Each line that contains "FilterlimR" needs to be copied from the listing.
START Material provided
(* Let $m\geq3$ be an integer and let $k,j$ be integers with $1\leq k\leq j\leq\frac{m+2}{2}$. Define $$K_{m,j,k}=\int_0^\infty\left(\frac{t^{mk-j}}{(1+t^m)^{k-\frac12}}-t^{\frac m2-j}\right)dt\quad\text{if } j\leq\frac{m+1}{2},\qquad K_{m,j,k}=\int_0^\infty\left(\frac{t^{mk-\frac m2-1}}{(1+t^m)^{k-\frac12}}-\frac{1}{t+1}\right)dt\quad\text{if $m$ is even and } j=\frac{m+2}{2}.$$ Then $$K_{m,j,k}=\begin{cases}-\frac2m&\text{if } j=k=1,\\ -\frac{2k-1}{m+2-2j}B\left(k-\frac{j-1}{m},\frac12+\frac{j-1}{m}\right)&\text{if } 1\leq k\leq j\leq\frac{m+1}{2},\ j\neq1,\\ \frac2m\left(\ln2-\frac11-\frac13-\cdots-\frac1{2k-5}-\frac1{2k-3}\right)&\text{if $m$ is even and } 1\leq k\leq j=\frac{m+2}{2},\end{cases}$$ where $B$ is the beta function and the sum $\frac11+\frac13+\cdots+\frac1{2k-3}$ is empty when $k=1$.
   Context: $B(z,w)=\int_0^1(1-u)^{z-1}u^{w-1}du=\frac{\Gamma(z)\Gamma(w)}{\Gamma(z+w)}$ is the beta function. *)

From Stdlib Require Import Reals.
From Coquelicot Require Import Coquelicot.
Open Scope R_scope.

Definition Beta (z w : R) : R :=
  RInt_gen (fun u => Rpower (1 - u) (z - 1) * Rpower u (w - 1))
           (at_right 0) (at_left 1).

Fixpoint odd_harm (n : nat) : R :=
  match n with
  | O => 0
  | S p => odd_harm p + / INR (2 * p + 1)
  end.

Definition Kint1 (m j k : nat) (t : R) : R :=
  Rpower t (INR m * INR k - INR j) / Rpower (1 + t ^ m) (INR k - / 2)
  - Rpower t (INR m / 2 - INR j).

Definition Kint2 (m k : nat) (t : R) : R :=
  Rpower t (INR m * INR k - INR m / 2 - 1) / Rpower (1 + t ^ m) (INR k - / 2)
  - / (t + 1).

(* With a = mk - j, c = k - 1/2 and b = m/2 - j, the first integrand is
   t^a (1+t^m)^(-c) - t^b where b = a - mc.  The function
   (t^(a+1) (1+t^m)^(-c) - t^(b+1)) / (b+1) vanishes at 0 and at infinity, and its
   derivative is the integrand plus c/(b+1) times m t^a (1+t^m)^(-c-1); the substitution
   u = 1/(1+t^m) turns the integral of the latter into B((a+1)/m, c+1-(a+1)/m).  The case
   j = k = 1 is then B(1, 1/2) = 2.
   For m = 2n and j = n+1, put y = t^n and x = y/sqrt(1+y^2): the function
   arsinh y - sum_(i<k-1) x^(2i+1)/(2i+1) is a primitive of y^(2k-2)/(1+y^2)^(k-1/2), and
   as t -> oo, arsinh(t^n)/n - ln(t+1) tends to (ln 2)/n while x tends to 1. *)

From Stdlib Require Import Reals Lra Lia.
From Coquelicot Require Import Coquelicot.
Open Scope R_scope.

Section FilterlimR.
Context {T : Type} {F : (T -> Prop) -> Prop} {FF : Filter F}.

Lemma filterlim_Rplus (f g : T -> R) a b :
  filterlim f F (locally a) -> filterlim g F (locally b) ->
  filterlim (fun x => f x + g x) F (locally (a + b)).
Proof. intros Hf Hg. exact (filterlim_comp_2 f g Rplus Hf Hg (filterlim_plus a b)). Qed.

Lemma filterlim_Rmult (f g : T -> R) a b :
  filterlim f F (locally a) -> filterlim g F (locally b) ->
  filterlim (fun x => f x * g x) F (locally (a * b)).
Proof. intros Hf Hg. exact (filterlim_comp_2 f g Rmult Hf Hg (filterlim_mult a b)). Qed.

Lemma filterlim_Ropp (f : T -> R) a :
  filterlim f F (locally a) -> filterlim (fun x => - f x) F (locally (- a)).
Proof. intros Hf. exact (filterlim_comp _ _ _ f Ropp F _ _ Hf (filterlim_opp a)). Qed.

Lemma filterlim_Rminus (f g : T -> R) a b :
  filterlim f F (locally a) -> filterlim g F (locally b) ->
  filterlim (fun x => f x - g x) F (locally (a - b)).
Proof. intros Hf Hg. apply filterlim_Rplus; [|apply filterlim_Ropp]; assumption. Qed.

Lemma filterlim_Rabs_le_0 (f g : T -> R) :
  F (fun x => Rabs (f x) <= g x) -> filterlim g F (locally 0) ->
  filterlim f F (locally 0).
Proof.
  intros Hfg Hg.
  apply (filterlim_le_le (F := F) (fun x => - g x) f g (Finite 0)).
  - apply (filter_imp _ _ (fun x H => proj1 (Rabs_le_between _ _) H)), Hfg.
  - rewrite <- Ropp_0. apply filterlim_Ropp, Hg.
  - exact Hg.
Qed.

End FilterlimR.

Lemma ex_derive_continuous_R (f : R -> R) x : ex_derive f x -> continuous f x.
Proof. exact (ex_derive_continuous f x). Qed.

Lemma filterlim_at_right_continuous (f : R -> R) x :
  continuous f x -> filterlim f (at_right x) (locally (f x)).
Proof. apply filterlim_filter_le_1, filter_le_within. Qed.

Lemma filterlim_at_left_continuous (f : R -> R) x :
  continuous f x -> filterlim f (at_left x) (locally (f x)).
Proof. apply filterlim_filter_le_1, filter_le_within. Qed.

Lemma filterlim_Rpower_at_right_0 a :
  0 < a -> filterlim (fun t => Rpower t a) (at_right 0) (locally 0).
Proof.
  intros Ha. apply (filterlim_comp _ _ _ (fun t => a * ln t) exp _ (Rbar_locally m_infty)).
  - eapply filterlim_comp; [exact is_lim_ln_0|].
    pose proof (filterlim_Rbar_mult_l a m_infty) as H.
    rewrite (is_Rbar_mult_unique _ _ _
               (is_Rbar_mult_sym _ _ _ (is_Rbar_mult_m_infty_pos a Ha))) in H.
    exact H.
  - exact is_lim_exp_m.
Qed.

Lemma filterlim_Rpower_p_infty a :
  a < 0 -> filterlim (fun t => Rpower t a) (Rbar_locally p_infty) (locally 0).
Proof.
  intros Ha. apply (filterlim_comp _ _ _ (fun t => a * ln t) exp _ (Rbar_locally m_infty)).
  - eapply filterlim_comp; [exact is_lim_ln_p|].
    pose proof (filterlim_Rbar_mult_l a p_infty) as H.
    rewrite (is_Rbar_mult_unique _ _ _
               (is_Rbar_mult_sym _ _ _ (is_Rbar_mult_p_infty_neg a Ha))) in H.
    exact H.
  - exact is_lim_exp_m.
Qed.

Definition is_interval (D : R -> Prop) :=
  forall x y z, D x -> D y -> x <= z <= y -> D z.

Lemma is_interval_open a b : is_interval (fun x => a < x < b).
Proof. intros x y z Hx Hy Hz. lra. Qed.

Lemma is_interval_gt a : is_interval (fun x => a < x).
Proof. intros x y z Hx Hy Hz. lra. Qed.

Lemma is_interval_between D x y z :
  is_interval D -> D x -> D y -> Rmin x y <= z <= Rmax x y -> D z.
Proof.
  intros HD Hx Hy Hz. unfold Rmin, Rmax in Hz.
  destruct (Rle_dec x y); [apply (HD x y) | apply (HD y x)]; auto.
Qed.

Lemma is_RInt_gen_filterlim_RInt {Fa Fb : (R -> Prop) -> Prop} {FFa : Filter Fa}
  {FFb : Filter Fb} (f : R -> R) l :
  is_RInt_gen f Fa Fb l ->
  filterlim (fun ab => RInt f (fst ab) (snd ab)) (filter_prod Fa Fb) (locally l).
Proof.
  intros Hf. apply filterlim_locally. intros eps.
  generalize (proj1 (filterlimi_locally _ _) Hf eps). apply filter_imp.
  intros ab [y [Hy Hball]]. now rewrite (is_RInt_unique _ _ _ _ Hy).
Qed.

Section ImproperIntegralOnInterval.
Context {Fa Fb : (R -> Prop) -> Prop} {FFa : ProperFilter Fa} {FFb : ProperFilter Fb}.
Variable D : R -> Prop.
Hypothesis D_interval : is_interval D.
Hypothesis Fa_D : Fa D.
Hypothesis Fb_D : Fb D.

Lemma filter_prod_interval : filter_prod Fa Fb (fun ab => D (fst ab) /\ D (snd ab)).
Proof. exact (Filter_prod _ _ _ D D Fa_D Fb_D (fun a b Ha Hb => conj Ha Hb)). Qed.

Lemma ex_RInt_on (f : R -> R) a b :
  (forall x, D x -> continuous f x) -> D a -> D b -> ex_RInt f a b.
Proof.
  intros Hf Ha Hb. apply (ex_RInt_continuous (V := R_CompleteNormedModule)).
  intros x Hx. apply Hf, (is_interval_between D a b); assumption.
Qed.

Lemma is_RInt_primitive_on (F f : R -> R) a b :
  (forall x, D x -> is_derive F x (f x)) -> (forall x, D x -> continuous f x) ->
  D a -> D b -> is_RInt f a b (F b - F a).
Proof.
  intros HF Hf Ha Hb.
  apply (is_RInt_derive F f); intros x Hx; [apply HF | apply Hf];
    exact (is_interval_between D a b x D_interval Ha Hb Hx).
Qed.

Lemma is_RInt_gen_primitive (F f : R -> R) la lb :
  (forall x, D x -> is_derive F x (f x)) -> (forall x, D x -> continuous f x) ->
  filterlim F Fa (locally la) -> filterlim F Fb (locally lb) ->
  is_RInt_gen f Fa Fb (lb - la).
Proof.
  intros HF Hf Hla Hlb.
  apply filterlimi_lim_ext_loc with (f := fun ab => F (snd ab) - F (fst ab)).
  - generalize filter_prod_interval. apply filter_imp. intros [a b] [Ha Hb].
    exact (is_RInt_primitive_on F f a b HF Hf Ha Hb).
  - apply filterlim_Rminus.
    + exact (filterlim_comp _ _ _ snd F _ _ _ filterlim_snd Hlb).
    + exact (filterlim_comp _ _ _ fst F _ _ _ filterlim_fst Hla).
Qed.

Lemma abs_RInt_le_primitive (f g G : R -> R) a b :
  (forall x, D x -> continuous f x) -> (forall x, D x -> Rabs (f x) <= g x) ->
  (forall x, D x -> is_derive G x (g x)) -> (forall x, D x -> continuous g x) ->
  D a -> D b -> Rabs (RInt f a b) <= Rabs (G b - G a).
Proof.
  intros Hf Hfg HG Hg.
  assert (Hle : forall a b, D a -> D b -> a <= b -> Rabs (RInt f a b) <= G b - G a).
  { intros x y Hx Hy Hxy.
    apply (norm_RInt_le f g x y);
      [exact Hxy | | | exact (is_RInt_primitive_on G g x y HG Hg Hx Hy)].
    - intros z Hz. apply Hfg, (D_interval x y); assumption.
    - apply (RInt_correct (V := R_CompleteNormedModule)), ex_RInt_on; assumption. }
  intros Ha Hb. destruct (Rle_dec a b) as [Hab | Hab].
  - eapply Rle_trans; [apply Hle; auto | apply Rle_abs].
  - rewrite <- opp_RInt_swap.
    + change (Rabs (- RInt f b a) <= Rabs (G b - G a)).
      rewrite Rabs_Ropp, Rabs_minus_sym.
      eapply Rle_trans; [apply Hle; auto; lra | apply Rle_abs].
    + apply ex_RInt_on; assumption.
Qed.

Lemma abs_RInt_sub_le_primitive (f g G : R -> R) a b a' b' :
  (forall x, D x -> continuous f x) -> (forall x, D x -> Rabs (f x) <= g x) ->
  (forall x, D x -> is_derive G x (g x)) -> (forall x, D x -> continuous g x) ->
  D a -> D b -> D a' -> D b' ->
  Rabs (RInt f a' b' - RInt f a b) <= Rabs (G a' - G a) + Rabs (G b - G b').
Proof.
  intros Hf Hfg HG Hg Ha Hb Ha' Hb'.
  assert (Hchasles : RInt f a' b' - RInt f a b = - (RInt f a a' + RInt f b' b)).
  { rewrite <- (RInt_Chasles f a a' b), <- (RInt_Chasles f a' b' b)
      by (apply ex_RInt_on; assumption).
    change (RInt f a' b' - (RInt f a a' + (RInt f a' b' + RInt f b' b))
            = - (RInt f a a' + RInt f b' b)). ring. }
  rewrite Hchasles, Rabs_Ropp.
  eapply Rle_trans; [apply Rabs_triang | apply Rplus_le_compat];
    apply (abs_RInt_le_primitive f g G); assumption.
Qed.

Lemma ex_RInt_gen_majorant (f g G : R -> R) la lb :
  (forall x, D x -> continuous f x) -> (forall x, D x -> Rabs (f x) <= g x) ->
  (forall x, D x -> is_derive G x (g x)) -> (forall x, D x -> continuous g x) ->
  filterlim G Fa (locally la) -> filterlim G Fb (locally lb) ->
  ex_RInt_gen f Fa Fb.
Proof.
  intros Hf Hfg HG Hg Hla Hlb.
  assert (Hcauchy : exists l, filterlim (fun ab => RInt f (fst ab) (snd ab))
                               (filter_prod Fa Fb) (locally l)).
  { apply (filterlim_locally_cauchy (FF := filter_prod_proper)). intros eps.
    assert (He : 0 < eps / 4) by (pose proof (cond_pos eps); lra).
    set (P a := D a /\ Rabs (G a - la) < eps / 4).
    set (Q b := D b /\ Rabs (G b - lb) < eps / 4).
    exists (fun ab => P (fst ab) /\ Q (snd ab)). split.
    - apply (Filter_prod _ _ _ P Q); [ | | now intros].
      + apply filter_and; [exact Fa_D | exact (proj1 (filterlim_locally _ _) Hla (mkposreal _ He))].
      + apply filter_and; [exact Fb_D | exact (proj1 (filterlim_locally _ _) Hlb (mkposreal _ He))].
    - intros [a b] [a' b'] [[Ha Ga] [Hb Gb]] [[Ha' Ga'] [Hb' Gb']]. simpl in *.
      change (Rabs (RInt f a' b' - RInt f a b) < eps).
      eapply Rle_lt_trans; [apply (abs_RInt_sub_le_primitive f g G); assumption|].
      assert (Rabs (G a' - G a) < eps / 2).
      { replace (G a' - G a) with ((G a' - la) - (G a - la)) by ring.
        eapply Rle_lt_trans; [apply Rabs_triang|]. rewrite Rabs_Ropp. lra. }
      assert (Rabs (G b - G b') < eps / 2).
      { replace (G b - G b') with ((G b - lb) - (G b' - lb)) by ring.
        eapply Rle_lt_trans; [apply Rabs_triang|]. rewrite Rabs_Ropp. lra. }
      lra. }
  destruct Hcauchy as [l Hl]. exists l.
  apply (filterlimi_lim_ext_loc (fun ab => RInt f (fst ab) (snd ab))); [|exact Hl].
  generalize filter_prod_interval. apply filter_imp. intros [a b] [Ha Hb].
  apply (RInt_correct (V := R_CompleteNormedModule)), ex_RInt_on; assumption.
Qed.

Lemma is_RInt_gen_comp {Ga Gb : (R -> Prop) -> Prop} {FGa : Filter Ga} {FGb : Filter Gb}
  (f phi dphi : R -> R) l :
  (forall x, D x -> is_derive phi x (dphi x)) -> (forall x, D x -> continuous dphi x) ->
  (forall x, D x -> continuous f (phi x)) ->
  filterlim phi Fa Ga -> filterlim phi Fb Gb -> is_RInt_gen f Ga Gb l ->
  is_RInt_gen (fun t => dphi t * f (phi t)) Fa Fb l.
Proof.
  intros Hphi Hdphi Hf Ha Hb Hl.
  apply filterlimi_lim_ext_loc with (f := fun ab => RInt f (phi (fst ab)) (phi (snd ab))).
  - generalize filter_prod_interval. apply filter_imp. intros [a b] [Ha' Hb']. simpl in *.
    apply (is_RInt_comp (V := R_CompleteNormedModule)); intros x Hx;
      pose proof (is_interval_between D a b x D_interval Ha' Hb' Hx); auto.
  - apply (filterlim_comp _ _ _ (fun ab => (phi (fst ab), phi (snd ab)))
             (fun xy => RInt f (fst xy) (snd xy)) _ (filter_prod Ga Gb)).
    + apply filterlim_pair.
      * exact (filterlim_comp _ _ _ fst phi _ _ _ filterlim_fst Ha).
      * exact (filterlim_comp _ _ _ snd phi _ _ _ filterlim_snd Hb).
    + exact (is_RInt_gen_filterlim_RInt f l Hl).
Qed.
END Material provided
-- Answer box --
Section FilterlimR.
End FilterlimR.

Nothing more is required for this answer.